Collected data
● ● ●

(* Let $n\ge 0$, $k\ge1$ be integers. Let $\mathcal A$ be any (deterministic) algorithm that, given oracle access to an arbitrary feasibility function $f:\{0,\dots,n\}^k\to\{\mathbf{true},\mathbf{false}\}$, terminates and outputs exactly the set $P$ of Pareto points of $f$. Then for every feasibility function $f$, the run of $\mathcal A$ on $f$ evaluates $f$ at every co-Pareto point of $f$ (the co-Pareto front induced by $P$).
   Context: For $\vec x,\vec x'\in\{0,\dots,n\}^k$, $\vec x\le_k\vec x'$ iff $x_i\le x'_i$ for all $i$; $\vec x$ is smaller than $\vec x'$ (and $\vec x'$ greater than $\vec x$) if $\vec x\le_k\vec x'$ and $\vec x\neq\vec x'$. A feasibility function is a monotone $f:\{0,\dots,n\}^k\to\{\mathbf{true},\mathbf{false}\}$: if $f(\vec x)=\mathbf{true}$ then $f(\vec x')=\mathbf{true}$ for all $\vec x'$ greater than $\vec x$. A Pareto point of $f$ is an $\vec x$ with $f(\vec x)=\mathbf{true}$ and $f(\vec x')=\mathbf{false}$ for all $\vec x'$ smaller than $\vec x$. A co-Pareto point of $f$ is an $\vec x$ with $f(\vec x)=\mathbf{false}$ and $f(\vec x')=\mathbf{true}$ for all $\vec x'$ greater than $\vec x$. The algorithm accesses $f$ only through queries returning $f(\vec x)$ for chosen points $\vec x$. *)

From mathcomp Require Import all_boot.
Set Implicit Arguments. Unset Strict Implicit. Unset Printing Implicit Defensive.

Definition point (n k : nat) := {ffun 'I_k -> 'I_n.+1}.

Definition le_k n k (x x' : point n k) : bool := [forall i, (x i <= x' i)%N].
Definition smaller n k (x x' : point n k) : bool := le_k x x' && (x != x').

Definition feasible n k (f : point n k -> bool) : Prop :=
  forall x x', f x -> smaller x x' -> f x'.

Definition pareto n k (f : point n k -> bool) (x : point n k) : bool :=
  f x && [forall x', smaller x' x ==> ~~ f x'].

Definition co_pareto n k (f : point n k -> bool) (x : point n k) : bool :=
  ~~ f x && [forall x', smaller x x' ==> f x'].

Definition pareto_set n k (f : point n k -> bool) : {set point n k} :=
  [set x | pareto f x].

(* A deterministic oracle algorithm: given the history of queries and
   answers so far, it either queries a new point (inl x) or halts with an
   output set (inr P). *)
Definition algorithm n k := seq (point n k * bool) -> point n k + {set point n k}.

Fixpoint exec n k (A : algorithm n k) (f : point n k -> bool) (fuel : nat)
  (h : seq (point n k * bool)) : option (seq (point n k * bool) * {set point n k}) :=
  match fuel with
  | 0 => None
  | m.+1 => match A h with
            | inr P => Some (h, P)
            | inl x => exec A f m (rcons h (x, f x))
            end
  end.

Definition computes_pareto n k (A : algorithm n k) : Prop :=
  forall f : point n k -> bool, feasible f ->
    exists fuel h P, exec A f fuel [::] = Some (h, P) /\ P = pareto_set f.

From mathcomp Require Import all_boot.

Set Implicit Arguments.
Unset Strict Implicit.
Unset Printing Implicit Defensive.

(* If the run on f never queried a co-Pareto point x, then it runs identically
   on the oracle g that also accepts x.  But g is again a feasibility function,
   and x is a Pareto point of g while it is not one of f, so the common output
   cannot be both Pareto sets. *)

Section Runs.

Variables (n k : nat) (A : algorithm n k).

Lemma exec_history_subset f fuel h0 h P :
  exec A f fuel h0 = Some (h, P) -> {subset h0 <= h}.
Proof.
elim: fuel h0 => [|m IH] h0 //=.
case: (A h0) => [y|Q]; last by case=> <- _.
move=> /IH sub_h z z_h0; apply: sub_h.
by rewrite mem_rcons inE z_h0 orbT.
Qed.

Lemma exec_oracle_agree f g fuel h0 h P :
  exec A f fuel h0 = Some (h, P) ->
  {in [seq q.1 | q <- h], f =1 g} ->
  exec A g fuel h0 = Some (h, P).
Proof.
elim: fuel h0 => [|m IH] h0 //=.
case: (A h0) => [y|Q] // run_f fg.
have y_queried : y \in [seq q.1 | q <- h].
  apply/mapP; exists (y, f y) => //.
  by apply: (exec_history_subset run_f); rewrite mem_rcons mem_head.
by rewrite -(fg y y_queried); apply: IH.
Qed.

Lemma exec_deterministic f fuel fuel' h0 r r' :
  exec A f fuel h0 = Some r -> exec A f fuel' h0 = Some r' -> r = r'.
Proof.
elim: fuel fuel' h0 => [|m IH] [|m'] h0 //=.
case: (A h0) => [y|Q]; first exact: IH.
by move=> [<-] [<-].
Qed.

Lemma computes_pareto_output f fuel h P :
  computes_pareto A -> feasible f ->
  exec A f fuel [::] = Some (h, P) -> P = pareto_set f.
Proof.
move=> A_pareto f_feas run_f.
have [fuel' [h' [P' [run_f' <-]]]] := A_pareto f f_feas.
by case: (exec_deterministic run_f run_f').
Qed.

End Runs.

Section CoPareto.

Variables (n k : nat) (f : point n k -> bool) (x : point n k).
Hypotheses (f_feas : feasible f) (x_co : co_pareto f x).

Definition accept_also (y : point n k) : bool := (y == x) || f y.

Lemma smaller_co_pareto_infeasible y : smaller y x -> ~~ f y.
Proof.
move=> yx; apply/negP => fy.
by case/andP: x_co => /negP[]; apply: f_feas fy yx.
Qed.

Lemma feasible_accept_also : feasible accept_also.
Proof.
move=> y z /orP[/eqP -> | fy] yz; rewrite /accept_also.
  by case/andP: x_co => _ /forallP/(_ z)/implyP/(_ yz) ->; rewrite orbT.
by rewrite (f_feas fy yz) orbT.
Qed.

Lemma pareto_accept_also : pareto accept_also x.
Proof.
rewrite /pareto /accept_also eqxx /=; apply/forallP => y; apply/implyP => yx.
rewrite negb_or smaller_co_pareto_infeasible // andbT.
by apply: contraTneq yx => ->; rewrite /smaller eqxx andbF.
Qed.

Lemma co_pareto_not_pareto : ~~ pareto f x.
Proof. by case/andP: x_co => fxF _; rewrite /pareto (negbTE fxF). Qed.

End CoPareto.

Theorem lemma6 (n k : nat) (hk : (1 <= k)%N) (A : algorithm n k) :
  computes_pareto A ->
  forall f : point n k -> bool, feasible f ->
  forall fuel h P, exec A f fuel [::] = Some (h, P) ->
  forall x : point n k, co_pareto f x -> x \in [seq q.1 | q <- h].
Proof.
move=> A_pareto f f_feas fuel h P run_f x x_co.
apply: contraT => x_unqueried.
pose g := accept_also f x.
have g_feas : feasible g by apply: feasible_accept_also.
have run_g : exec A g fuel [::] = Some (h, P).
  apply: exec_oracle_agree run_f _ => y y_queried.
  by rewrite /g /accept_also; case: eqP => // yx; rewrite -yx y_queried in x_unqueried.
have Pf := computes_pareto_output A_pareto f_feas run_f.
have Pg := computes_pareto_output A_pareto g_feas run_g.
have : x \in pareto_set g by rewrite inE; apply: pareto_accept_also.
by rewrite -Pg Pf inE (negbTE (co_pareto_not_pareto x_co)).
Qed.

● ● ●

→ **WHAT IS BEING ASKED**
Please reproduce, word for word, every line from the line with "by apply: contraTneq" to the final line above, including both ends.

→ **RESULT OF THE TASK**
by apply: contraTneq yx => ->; rewrite /smaller eqxx andbF.
Qed.

Lemma co_pareto_not_pareto : ~~ pareto f x.
Proof. by case/andP: x_co => fxF _; rewrite /pareto (negbTE fxF). Qed.

End CoPareto.

Theorem lemma6 (n k : nat) (hk : (1 <= k)%N) (A : algorithm n k) :
  computes_pareto A ->
  forall f : point n k -> bool, feasible f ->
  forall fuel h P, exec A f fuel [::] = Some (h, P) ->
  forall x : point n k, co_pareto f x -> x \in [seq q.1 | q <- h].
Proof.
move=> A_pareto f f_feas fuel h P run_f x x_co.
apply: contraT => x_unqueried.
pose g := accept_also f x.
have g_feas : feasible g by apply: feasible_accept_also.
have run_g : exec A g fuel [::] = Some (h, P).
  apply: exec_oracle_agree run_f _ => y y_queried.
  by rewrite /g /accept_also; case: eqP => // yx; rewrite -yx y_queried in x_unqueried.
have Pf := computes_pareto_output A_pareto f_feas run_f.
have Pg := computes_pareto_output A_pareto g_feas run_g.
have : x \in pareto_set g by rewrite inE; apply: pareto_accept_also.
by rewrite -Pg Pf inE (negbTE (co_pareto_not_pareto x_co)).
Qed.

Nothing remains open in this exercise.